REQUIREMENT | Would you please output only the lines from the one containing "rewrite Rminus_0_r in *." through the end of the entries below, exactly as written?

RAW DATA |
Lemma filterlim_pow_gauss_0 c :
  0 < c -> filterlim (pow_gauss c) (at_right 0) (locally 0).
Proof.
  intros Hc P [eps HP].
  exists (mkposreal _ (exp_pos (ln eps / c))). intros y Hy Hy0. apply HP.
  change (Rabs (y - 0) < exp (ln eps / c)) in Hy.
  change (Rabs (pow_gauss c y - 0) < eps).
  rewrite Rminus_0_r in *.
  rewrite Rabs_pos_eq in * by (apply Rlt_le; auto using pow_gauss_pos).
  apply ln_increasing in Hy; [|assumption]. rewrite ln_exp in Hy.
  unfold pow_gauss. rewrite <- (exp_ln eps) by apply cond_pos. apply exp_increasing.
  assert (c * ln y < ln eps).
  { replace (ln eps) with (c * (ln eps / c)) by (field; lra).
    now apply Rmult_lt_compat_l. }
  pose proof (pow2_ge_0 y). lra.
Qed.

Lemma ln_le_pred y : 0 < y -> ln y <= y - 1.
Proof.
  intros Hy. pose proof (exp_ineq1_le (ln y)) as Hexp. rewrite exp_ln in Hexp; lra.
Qed.

Lemma filterlim_pow_gauss_oo c :
  0 < c -> filterlim (pow_gauss c) (Rbar_locally p_infty) (locally 0).
Proof.
  intros Hc P [eps HP].
  exists (8 * c + 8 + Rabs (ln eps)). intros y Hy. apply HP.
  change (Rabs (pow_gauss c y - 0) < eps).
  rewrite Rminus_0_r, Rabs_pos_eq by (apply Rlt_le, pow_gauss_pos).
  pose proof (Rabs_pos (ln eps)). pose proof (Rle_abs (- ln eps)) as Hln.
  rewrite Rabs_Ropp in Hln. pose proof (ln_le_pred y ltac:(lra)).
  unfold pow_gauss. rewrite <- (exp_ln eps) by apply cond_pos. apply exp_increasing.
  assert (c * ln y <= c * y) by (apply Rmult_le_compat_l; lra).
  nra.
Qed.

Lemma Derive_pow_gauss c y : 0 < y ->
  Derive (pow_gauss c) y = c * pow_gauss (c - 1) y - / 2 * pow_gauss (c + 1) y.
Proof. intros Hy. now apply is_derive_unique, is_derive_pow_gauss. Qed.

WRITTEN ANSWER |
  rewrite Rminus_0_r in *.
  rewrite Rabs_pos_eq in * by (apply Rlt_le; auto using pow_gauss_pos).
  apply ln_increasing in Hy; [|assumption]. rewrite ln_exp in Hy.
  unfold pow_gauss. rewrite <- (exp_ln eps) by apply cond_pos. apply exp_increasing.
  assert (c * ln y < ln eps).
  { replace (ln eps) with (c * (ln eps / c)) by (field; lra).
    now apply Rmult_lt_compat_l. }
  pose proof (pow2_ge_0 y). lra.
Qed.

Lemma ln_le_pred y : 0 < y -> ln y <= y - 1.
Proof.
  intros Hy. pose proof (exp_ineq1_le (ln y)) as Hexp. rewrite exp_ln in Hexp; lra.
Qed.

Lemma filterlim_pow_gauss_oo c :
  0 < c -> filterlim (pow_gauss c) (Rbar_locally p_infty) (locally 0).
Proof.
  intros Hc P [eps HP].
  exists (8 * c + 8 + Rabs (ln eps)). intros y Hy. apply HP.
  change (Rabs (pow_gauss c y - 0) < eps).
  rewrite Rminus_0_r, Rabs_pos_eq by (apply Rlt_le, pow_gauss_pos).
  pose proof (Rabs_pos (ln eps)). pose proof (Rle_abs (- ln eps)) as Hln.
  rewrite Rabs_Ropp in Hln. pose proof (ln_le_pred y ltac:(lra)).
  unfold pow_gauss. rewrite <- (exp_ln eps) by apply cond_pos. apply exp_increasing.
  assert (c * ln y <= c * y) by (apply Rmult_le_compat_l; lra).
  nra.
Qed.

Lemma Derive_pow_gauss c y : 0 < y ->
  Derive (pow_gauss c) y = c * pow_gauss (c - 1) y - / 2 * pow_gauss (c + 1) y.
Proof. intros Hy. now apply is_derive_unique, is_derive_pow_gauss. Qed.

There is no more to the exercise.